Lemma alt_spec m x : alt m x = ((0 < x <= m) && ~~ odd (m - x)).
Proof.
elim/ltn_ind: m x => -[|[|m]] IH x /=; first by case: x.
  by rewrite /single; case: x => [|[|x]].
rewrite /sum_state IH //; case: (leqP x m) => [le_xm | lt_mx].
  rewrite (single_neq (negbT (@gtn_eqF x m.+2 (leqW le_xm)))) !subSn ?(leqW le_xm) //=.
  by rewrite negbK (leqW (leqW le_xm)) andbT addn0.
rewrite andbF add0n; case: (ltngtP x m.+2) => [lt_x | lt_x | ->].
- have -> : x = m.+1 by lia.
  by rewrite single_neq ?subSS ?subSnn ?andbF // (gtn_eqF (ltnSn _)).
- by rewrite single_neq ?(ltn_eqF lt_x) // andbF.
- by rewrite single_eq subnn.
Qed.

Lemma alt0 x : alt 0 x = 0.
Proof. by []. Qed.

Lemma alt1 x : alt 1 x = single 1 x.
Proof. by []. Qed.

Lemma alt_rec m x : alt m.+2 x = alt m x + single m.+2 x.
Proof. by []. Qed.

(* From now on alt m is unfolded only through alt_rec, so that pointwise
   identities between states stay linear in the atoms alt _ x and single _ x. *)
Arguments alt : simpl never.

Lemma alt_top m : 1 <= m -> alt m m = 1.
Proof. by move=> m_gt0; rewrite alt_spec subnn leqnn m_gt0. Qed.

Lemma alt_terminal m : terminal (alt m).
Proof.
apply: sparse_terminal => [x _ | x]; first by rewrite alt_spec leq_b1.
rewrite !alt_spec lt0b => /andP[/andP[_ le_xm] even_x1]; apply/eqP; rewrite eqb0.
case: (leqP x.+2 m) => [le_x2m | ]; last by rewrite andbF.
by rewrite -(subnSK le_x2m) /= negbK in even_x1; rewrite even_x1 andbF.
Qed.

Ltac state_eq := apply: functional_extensionality => x;
  rewrite /fire /sum_state /= ?alt_rec ?alt0 ?alt1; lia.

□ □ □

TASK TO CARRY OUT:
Write out word for word only the lines from the start of the entries down to the line with "Arguments alt : simpl never.", please, including both ends.

TASK SOLUTION:
Lemma alt_spec m x : alt m x = ((0 < x <= m) && ~~ odd (m - x)).
Proof.
elim/ltn_ind: m x => -[|[|m]] IH x /=; first by case: x.
  by rewrite /single; case: x => [|[|x]].
rewrite /sum_state IH //; case: (leqP x m) => [le_xm | lt_mx].
  rewrite (single_neq (negbT (@gtn_eqF x m.+2 (leqW le_xm)))) !subSn ?(leqW le_xm) //=.
  by rewrite negbK (leqW (leqW le_xm)) andbT addn0.
rewrite andbF add0n; case: (ltngtP x m.+2) => [lt_x | lt_x | ->].
- have -> : x = m.+1 by lia.
  by rewrite single_neq ?subSS ?subSnn ?andbF // (gtn_eqF (ltnSn _)).
- by rewrite single_neq ?(ltn_eqF lt_x) // andbF.
- by rewrite single_eq subnn.
Qed.

Lemma alt0 x : alt 0 x = 0.
Proof. by []. Qed.

Lemma alt1 x : alt 1 x = single 1 x.
Proof. by []. Qed.

Lemma alt_rec m x : alt m.+2 x = alt m x + single m.+2 x.
Proof. by []. Qed.

(* From now on alt m is unfolded only through alt_rec, so that pointwise
   identities between states stay linear in the atoms alt _ x and single _ x. *)
Arguments alt : simpl never.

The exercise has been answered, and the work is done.